(Exercise material Opens)

(* Let $K$ be a field of characteristic $\neq 2$ containing a square root $i$ of $-1$, and let $A\in K\setminus\{0\}$ be a non-zero constant. Then $$\#\{S(P): P \text{ a Markoff triple for } A,\ h(P)\le H\}\sim \tfrac14 H^2\qquad (H\to\infty).$$
   Context: For $A\in K[t]$ non-zero, consider solutions $(x,y,z)\in K[t]^3$ of $x^2+y^2+z^2=Axyz$. The degree of the zero polynomial is $-\infty$. The height of a solution $P=(x,y,z)$ is $h(P)=\max\{\deg x,\deg y,\deg z\}$, and its signature is $S(P)=(\deg x,\deg y,\deg z)$. A Markoff triple is a solution $P=(x,y,z)$ with $h(P)>0$ and $\deg x\le\deg y\le\deg z$. The count is of distinct signatures. *)

From HB Require Import structures.
From mathcomp Require Import all_boot all_order all_algebra.
Set Implicit Arguments. Unset Strict Implicit. Unset Printing Implicit Defensive.
Import Order.TTheory GRing.Theory Num.Theory.
Local Open Scope ring_scope.

(* Degrees in N ∪ {-oo}: None = -oo, Some d = d. *)
Definition pdeg (K : fieldType) (p : {poly K}) : option nat :=
  if p == 0 then None else Some (size p).-1.

Definition ole (a b : option nat) : bool :=
  match a, b with
  | None, _ => true
  | Some _, None => false
  | Some m, Some n => (m <= n)%N
  end.

Definition omax (a b : option nat) : option nat := if ole a b then b else a.

Definition ptriple (K : fieldType) := ({poly K} * {poly K} * {poly K})%type.

Definition is_solution (K : fieldType) (A : {poly K}) (P : ptriple K) : Prop :=
  let: (x, y, z) := P in x ^+ 2 + y ^+ 2 + z ^+ 2 = A * x * y * z.

Definition height (K : fieldType) (P : ptriple K) : option nat :=
  let: (x, y, z) := P in omax (pdeg x) (omax (pdeg y) (pdeg z)).

Definition signature (K : fieldType) (P : ptriple K) :
  (option nat * option nat * option nat)%type :=
  let: (x, y, z) := P in (pdeg x, pdeg y, pdeg z).

Definition markoff_triple (K : fieldType) (A : {poly K}) (P : ptriple K) : Prop :=
  let: (x, y, z) := P in
  [/\ is_solution A P, ole (Some 1%N) (height P),
      ole (pdeg x) (pdeg y) & ole (pdeg y) (pdeg z)].

Definition num_signatures (K : fieldType) (A : {poly K}) (H n : nat) : Prop :=
  exists s : seq (option nat * option nat * option nat),
    [/\ uniq s, size s = n &
        forall t, t \in s <->
          exists P : ptriple K, [/\ markoff_triple A P,
                                    ole (height P) (Some H) & signature P = t]].

From HB Require Import structures.
From mathcomp Require Import all_boot all_order all_algebra.
From mathcomp Require Import zify ring lra.
Set Implicit Arguments. Unset Strict Implicit. Unset Printing Implicit Defensive.
Import Order.TTheory GRing.Theory Num.Theory.
Local Open Scope ring_scope.

(* For constant A, comparing degrees in x^2 + y^2 + z^2 = A x y z shows that a Markoff
   triple with x <> 0 has signature (a, b, a + b) with a <= b, and that x = 0 forces
   y^2 = -z^2, hence signature (-oo, c, c).  Conversely every such signature occurs:
   (-oo, c, c) via (0, t^c, i t^c), (0, b, b) via (2/A, t^b + 2i/A, t^b), and (a, b, a + b)
   with a > 0 from a triple of signature (a, b - a, b) or (b - a, a, b) by the Vieta move
   z |-> A x y - z.  Signatures of height at most H are thus counted by
   H + sum_(1 <= s <= H) (s/2 + 1), which is H^2/4 + O(H). *)

Section PolyDegree.
Variable K : fieldType.
Implicit Types p q r : {poly K}.

Lemma size_mul_succ p q m n :
  size p = m.+1 -> size q = n.+1 -> size (p * q) = (m + n).+1.
Proof.
move=> sp sq; rewrite size_mul ?sp ?sq; first lia.
  by rewrite -size_poly_gt0 sp.
by rewrite -size_poly_gt0 sq.
Qed.

Lemma size_sqr_succ p n : size p = n.+1 -> size (p ^+ 2) = (n + n).+1.
Proof. by move=> sp; rewrite expr2 (size_mul_succ sp sp). Qed.

Lemma size_subl p q : (size q < size p)%N -> size (p - q)%R = size p.
Proof. by move=> lt_qp; rewrite size_polyDl // size_polyN. Qed.

Lemma size_add3 p q r :
  (size (p + q + r)%R <= maxn (size p) (maxn (size q) (size r)))%N.
Proof.
apply: leq_trans (size_polyD _ _) _; rewrite geq_max maxnA leq_maxr andbT.
by apply: leq_trans (size_polyD _ _) _; rewrite leq_maxl.
Qed.

Lemma pdeg_None p : (pdeg p = None) <-> p = 0.
Proof. by rewrite /pdeg; case: eqP. Qed.

Lemma pdeg0 : pdeg (0 : {poly K}) = None.
Proof. exact/pdeg_None. Qed.

Lemma pdeg_Some p n : (pdeg p = Some n) <-> size p = n.+1.
Proof.
rewrite /pdeg; have [->|p0] := eqVneq p 0; first by rewrite size_poly0.
rewrite (polySpred p0); split=> [[<-]|[->]] //; exact: polySpred.
Qed.

Lemma pdeg_eq_of_addsqr_eq0 p q : p ^+ 2 + q ^+ 2 = 0 -> pdeg p = pdeg q.
Proof.
move/eqP; rewrite addr_eq0 => /eqP pq.
have [p0|/negPf p0] := eqVneq p 0.
  by move: pq; rewrite p0 expr0n /= => /esym/eqP; rewrite oppr_eq0 expf_eq0 /= => /eqP->.
have /negPf q0 : q != 0.
  by apply: contraFneq p0 => q0; move: pq; rewrite q0 expr0n oppr0 => /eqP; rewrite expf_eq0.
have := congr1 (fun s : {poly K} => (size s).-1) pq; rewrite /= size_polyN !size_exp => e.
by move/eqP: e; rewrite eqn_pmul2r // /pdeg p0 q0 => /eqP->.
Qed.

End PolyDegree.

Lemma height_sorted (K : fieldType) (x y z : {poly K}) :
  ole (pdeg x) (pdeg y) -> ole (pdeg y) (pdeg z) -> height (x, y, z) = pdeg z.
Proof.
rewrite /height /omax.
by case: (pdeg x) (pdeg y) (pdeg z) => [a|] [b|] [c|] //= hab hbc; rewrite hbc ?(leq_trans hab hbc).
Qed.

Section MarkoffMoves.
Variables (K : fieldType) (A : {poly K}).
Implicit Types x y z : {poly K}.

Lemma is_solution_swap x y z : is_solution A (x, y, z) -> is_solution A (y, x, z).
Proof. by rewrite /is_solution => E; rewrite (addrC (y ^+ 2)) E; ring. Qed.

(* [y] and [A x z - y] are the two roots of the equation seen as a quadratic in [y]. *)
Lemma is_solution_vieta x y z :
  is_solution A (x, y, z) -> is_solution A (x, z, A * x * z - y).
Proof.
rewrite /is_solution => E; apply/eqP; rewrite -subr_eq0.
have -> : x ^+ 2 + z ^+ 2 + (A * x * z - y) ^+ 2 - A * x * z * (A * x * z - y)
        = x ^+ 2 + y ^+ 2 + z ^+ 2 - A * x * y * z by ring.
by rewrite E subrr.
Qed.

End MarkoffMoves.

Section MarkoffConstant.
Variables (K : fieldType) (A : K).
Hypothesis A_neq0 : A != 0.

Let size_A : size A%:P = 1%N.
Proof. by rewrite size_polyC A_neq0. Qed.

Lemma is_solution_vieta_size x y z a b c :
  is_solution A%:P (x, y, z) ->
  size x = a.+1 -> size y = c.+1 -> size z = b.+1 -> (c < a + b)%N ->
  is_solution A%:P (x, z, A%:P * x * z - y) /\ size (A%:P * x * z - y) = (a + b).+1.
Proof.
move=> E sx sy sz lt_cab; split; first exact: is_solution_vieta.
have sAxz : size (A%:P * x * z) = (a + b).+1.
  by rewrite (size_mul_succ (size_mul_succ size_A sx) sz).
by rewrite size_subl sAxz // sy ltnS.
Qed.

Lemma markoff_deg_sum x y z a b c :
  is_solution A%:P (x, y, z) ->
  size x = a.+1 -> size y = b.+1 -> size z = c.+1 -> (a <= b <= c)%N ->
  c = (a + b)%N.
Proof.
move=> E sx sy sz /andP[le_ab le_bc].
have sRHS : size (A%:P * x * y * z) = (a + b + c).+1.
  by rewrite (size_mul_succ (size_mul_succ (size_mul_succ size_A sx) sy) sz).
have [lt_c_ab | ] := ltnP c (a + b).
  have := size_add3 (x ^+ 2) (y ^+ 2) (z ^+ 2).
  by rewrite E sRHS !(size_sqr_succ sx, size_sqr_succ sy, size_sqr_succ sz); lia.
rewrite leq_eqVlt => /orP[/eqP // | lt_ab_c].
have lt_xy_z : (size (x ^+ 2 + y ^+ 2)%R < size (z ^+ 2))%N.
  apply: leq_ltn_trans (size_polyD _ _) _.
  by rewrite (size_sqr_succ sx) (size_sqr_succ sy) (size_sqr_succ sz) gtn_max; lia.
have := congr1 (fun p : {poly K} => size p) E.
by rewrite /= addrC size_polyDl // sRHS (size_sqr_succ sz); lia.
Qed.

Variable i : K.
Hypothesis sqr_i : i ^+ 2 = -1.
Hypothesis two_neq0 : 2%:R != 0 :> K.

Let sqr_iP : i%:P ^+ 2 = -1.
Proof. by rewrite -rmorphXn /= sqr_i polyCN polyC1. Qed.

Lemma is_solution_zero_first c : is_solution A%:P (0, 'X^c, i%:P * 'X^c).
Proof. by rewrite /is_solution mulr0 !mul0r exprMn sqr_iP; ring. Qed.

Lemma markoff_sizes_base b : (0 < b)%N ->
  exists x y z : {poly K}, is_solution A%:P (x, y, z) /\
                [/\ size x = 1%N, size y = b.+1 & size z = b.+1].
Proof.
move=> b_gt0; pose c := 2%:R / A.
have c_neq0 : c != 0 by rewrite mulf_neq0 // invr_eq0.
have Ac : A%:P * c%:P = 2%:R by rewrite -polyCM /c mulrC mulfVK // polyC_natr.
clearbody c; exists c%:P, ('X^b + (c * i)%:P), 'X^b; split.
  apply/eqP; rewrite -subr_eq0 Ac.
  have -> : c%:P ^+ 2 + ('X^b + (c * i)%:P) ^+ 2 + 'X^b ^+ 2 - 2%:R * ('X^b + (c * i)%:P) * 'X^b
          = c%:P ^+ 2 * (1 + i%:P ^+ 2) by rewrite polyCM; ring.
  by rewrite sqr_iP addrN mulr0.
by rewrite size_polyC c_neq0 size_polyDl ?size_polyXn // (leq_ltn_trans (size_polyC_leq1 _)).
Qed.

(* Euclid's algorithm run backwards: a triple of sizes (a, b - a, b), up to swapping its
   first two entries, is sent by a Vieta move to one of sizes (a, b, a + b). *)
Lemma markoff_sizes_exist a b : (a <= b)%N -> (0 < b)%N ->
  exists x y z : {poly K}, is_solution A%:P (x, y, z) /\
                [/\ size x = a.+1, size y = b.+1 & size z = (a + b).+1].
Proof.
have [n] := ubnP (a + b); elim: n a b => // n IH a b lt_ab_n le_ab b_gt0.
have [-> | a_gt0] := posnP a; first exact: markoff_sizes_base.
have [x [y [z [E [sx sy sz]]]]] : exists x y z : {poly K}, is_solution A%:P (x, y, z) /\
    [/\ size x = a.+1, size y = (b - a).+1 & size z = b.+1].
  have [le_a_ba | lt_ba_a] := leqP a (b - a).
    have [x [y [z [E [sx sy sz]]]]] := IH a (b - a)%N ltac:(lia) le_a_ba ltac:(lia).
    by exists x, y, z; split => //; split => //; rewrite sz; congr _.+1; lia.
  have [x [y [z [E [sx sy sz]]]]] := IH (b - a)%N a ltac:(lia) ltac:(lia) a_gt0.
  exists y, x, z; split; first exact: is_solution_swap.
  by split => //; rewrite sz; congr _.+1; lia.
have [E' sz'] := is_solution_vieta_size E sx sy sz ltac:(lia).
by exists x, z, (A%:P * x * z - y).
Qed.

End MarkoffConstant.

Definition markoff_signature (t : option nat * option nat * option nat) : Prop :=
  (exists c, t = (None, Some c, Some c) /\ (0 < c)%N) \/
  (exists a b, t = (Some a, Some b, Some (a + b)%N) /\ (a <= b)%N /\ (0 < b)%N).

Lemma markoff_triple_sorted (K : fieldType) (A x y z : {poly K}) :
  is_solution A (x, y, z) -> ole (pdeg x) (pdeg y) -> ole (pdeg y) (pdeg z) ->
  ole (Some 1%N) (pdeg z) -> markoff_triple A (x, y, z).
Proof. by move=> E le_xy le_yz z_gt0; split; rewrite ?height_sorted. Qed.

Lemma markoff_triple_height (K : fieldType) (A : {poly K}) P :
  markoff_triple A P -> height P = (signature P).2.
Proof. by case: P => [[x y] z] [_ _ le_xy le_yz]; exact: height_sorted. Qed.

Section MarkoffSignatures.
Variables (K : fieldType) (A : K).
Hypothesis A_neq0 : A != 0.

Lemma markoff_triple_signature P :
  markoff_triple A%:P P -> markoff_signature (signature P).
Proof.
case: P => [[x y] z] [E z_gt0 le_xy le_yz]; rewrite /signature.
rewrite height_sorted // in z_gt0.
case Ex: (pdeg x) le_xy => [a|] le_xy.
  case Ey: (pdeg y) le_xy le_yz => [b|] //; case Ez: (pdeg z) z_gt0 => [c|] //= c_gt0 le_ab le_bc.
  have c_ab : c = (a + b)%N.
    by apply: (markoff_deg_sum A_neq0 E); rewrite -?pdeg_Some ?le_ab.
  by right; exists a, b; rewrite -c_ab; split=> //; lia.
move/pdeg_None: Ex E => -> /eqP; rewrite expr0n mulr0 !mul0r add0r => /eqP /pdeg_eq_of_addsqr_eq0 Eyz.
by rewrite Eyz; case: (pdeg z) z_gt0 => [c|] // c_gt0; left; exists c.
Qed.

Variable i : K.
Hypothesis sqr_i : i ^+ 2 = -1.
Hypothesis two_neq0 : 2%:R != 0 :> K.

Lemma markoff_signature_realized t : markoff_signature t ->
  exists P, markoff_triple A%:P P /\ signature P = t.
Proof.
case=> [[c [-> c_gt0]] | [a [b [-> [le_ab b_gt0]]]]].
  have i_neq0 : i != 0.
    by apply: contra_eq_neq sqr_i => ->; rewrite expr0n eq_sym oppr_eq0 oner_eq0.
  have sX : pdeg ('X^c : {poly K}) = Some c by apply/pdeg_Some; rewrite size_polyXn.
  have siX : pdeg (i%:P * 'X^c) = Some c by apply/pdeg_Some; rewrite size_Cmul ?size_polyXn.
  exists (0, 'X^c, i%:P * 'X^c); rewrite /signature pdeg0 sX siX; split=> //.
  by apply: markoff_triple_sorted; rewrite ?pdeg0 ?sX ?siX //=; exact: is_solution_zero_first.
have [x [y [z [E [/pdeg_Some sx /pdeg_Some sy /pdeg_Some sz]]]]] :=
  markoff_sizes_exist A_neq0 sqr_i two_neq0 le_ab b_gt0.
exists (x, y, z); rewrite /signature sx sy sz; split=> //.
by apply: markoff_triple_sorted; rewrite ?sx ?sy ?sz //= ?le_ab; lia.
Qed.

End MarkoffSignatures.

Definition markoff_signatures (H : nat) : seq (option nat * option nat * option nat) :=
  [seq (None, Some c, Some c) | c <- iota 1 H] ++
  [seq (Some a, Some (s - a)%N, Some s) | s <- iota 1 H, a <- iota 0 (s./2).+1].

Lemma markoff_signatures_uniq H : uniq (markoff_signatures H).
Proof.
rewrite cat_uniq; apply/and3P; split.
- by rewrite map_inj_uniq ?iota_uniq // => c1 c2 [].
- by apply/hasPn => t /allpairsPdep [s [a [_ _ ->]]]; apply/mapP => -[c _].
- apply: allpairs_uniq_dep => [|s _|[s1 a1] [s2 a2] _ _ /= [-> _ ->]] //; exact: iota_uniq.
Qed.

Lemma mem_markoff_signatures H t :
  t \in markoff_signatures H <-> markoff_signature t /\ ole t.2 (Some H).
Proof.
rewrite mem_cat; split.
  case/orP => [/mapP[c] | /allpairsPdep[s [a []]]]; rewrite !mem_iota.
    move=> c_range ->; split=> /=; last by lia.
    by left; exists c; split=> //; lia.
  move=> s_range a_range ->; have le_a2s : (a.*2 <= s)%N by rewrite -geq_half_double; lia.
  split=> //=; last by lia.
  by right; exists a, (s - a)%N; rewrite subnKC; [split=> //; lia | lia].
case=> [[[c [-> c_gt0]] | [a [b [-> [le_ab b_gt0]]]]] le_H]; rewrite /= in le_H; apply/orP.
  by left; apply/mapP; exists c; rewrite // mem_iota; lia.
right; apply/allpairsPdep; exists (a + b)%N, a; rewrite !mem_iota addKn.
by split=> //; [lia | rewrite add0n ltnS geq_half_double; lia].
Qed.

Lemma size_markoff_signatures H :
  size (markoff_signatures H) = (H + sumn [seq (s./2).+1 | s <- iota 1 H])%N.
Proof.
rewrite size_cat size_map size_iota size_allpairs_dep; congr (_ + sumn _)%N.
by apply: eq_map => s; rewrite size_iota.
Qed.

Lemma sum_half_succ_bounds H :
  (H * H <= 4 * (H + sumn [seq (s./2).+1 | s <- iota 1 H]) <= H * H + 9 * H)%N.
Proof.
elim: H => [//|H /andP[lb ub]].
rewrite -addn1 iotaD add1n map_cat sumn_cat /= addn0 addn1.
by have := odd_double_half H.+1; case: (odd H.+1) => /= e; apply/andP; split; lia.
Qed.

Lemma ratio_sqr_quarter (R : archiRealFieldType) (N : nat -> nat) :
  (forall H, H * H <= 4 * N H <= H * H + 9 * H)%N ->
  forall eps : R, 0 < eps -> exists H0 : nat, forall H : nat, (H0 <= H)%N ->
    `|(N H)%:R / H%:R ^+ 2 - 1 / 4%:R| < eps.
Proof.
move=> N_bounds eps eps_gt0; exists (Num.truncn (9 / eps)).+1 => H le_H0_H.
have /andP[lb ub] := N_bounds H.
have h_gt0 : 0 < H%:R :> R by rewrite ltr0n; lia.
have h9 : 9 < eps * H%:R.
  rewrite mulrC -ltr_pdivrMr //; apply: lt_le_trans (truncnS_gt _) _.
  by rewrite ler_nat.
have L : H%:R * H%:R <= 4 * (N H)%:R :> R by rewrite -(ler_nat R) !natrM in lb.
have U : 4 * (N H)%:R <= H%:R * H%:R + 9 * H%:R :> R.
  by rewrite -(ler_nat R) natrD !natrM in ub.
move: L U h9 h_gt0; set h := H%:R : R; set m := (N H)%:R : R => L U h9 h_gt0.
have -> : m / h ^+ 2 - 1 / 4%:R = (4 * m - h * h) / (4 * (h * h)) by field; rewrite gt_eqF.
have d_gt0 : 0 < 4 * (h * h) by rewrite !mulr_gt0.
rewrite ger0_norm; last by apply: divr_ge0; [lra | exact: ltW].
rewrite ltr_pdivrMr //.
have : 0 < h * (eps * h - 9) by rewrite mulr_gt0 // subr_gt0.
nra.
Qed.

Theorem theorem1p4 (K : fieldType) (hchar : (2%:R : K) != 0)
    (hi : exists i : K, i ^+ 2 = -1) (A : K) (hA : A != 0) :
  exists N : nat -> nat,
    (forall H : nat, num_signatures A%:P H (N H)) /\
    (forall eps : rat, 0 < eps -> exists H0 : nat, forall H : nat, (H0 <= H)%N ->
       `| (N H)%:R / (H%:R ^+ 2) - 1 / 4%:R | < eps).
Proof.
have [i sqr_i] := hi.
exists (fun H => size (markoff_signatures H)); split.
  move=> H; exists (markoff_signatures H); split=> // [|t].
    exact: markoff_signatures_uniq.
  rewrite mem_markoff_signatures; split.
    case=> /(markoff_signature_realized hA sqr_i hchar) [P [mP <-]] le_H.
    by exists P; rewrite (markoff_triple_height mP).
  case=> P [mP le_H <-]; split; first exact: (markoff_triple_signature hA mP).
  by rewrite -(markoff_triple_height mP).
apply: ratio_sqr_quarter => H.
by rewrite size_markoff_signatures; exact: sum_half_succ_bounds.
Qed.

(Exercise material Closes)

*Exercise aim*: Taking the entries above, write out exactly each line from the one holding "case/orP => [/mapP[c]" to the one holding "right; apply/allpairsPdep; exists", both included, and stop there.

*Final answer*:
  case/orP => [/mapP[c] | /allpairsPdep[s [a []]]]; rewrite !mem_iota.
    move=> c_range ->; split=> /=; last by lia.
    by left; exists c; split=> //; lia.
  move=> s_range a_range ->; have le_a2s : (a.*2 <= s)%N by rewrite -geq_half_double; lia.
  split=> //=; last by lia.
  by right; exists a, (s - a)%N; rewrite subnKC; [split=> //; lia | lia].
case=> [[[c [-> c_gt0]] | [a [b [-> [le_ab b_gt0]]]]] le_H]; rewrite /= in le_H; apply/orP.
  by left; apply/mapP; exists c; rewrite // mem_iota; lia.
right; apply/allpairsPdep; exists (a + b)%N, a; rewrite !mem_iota addKn.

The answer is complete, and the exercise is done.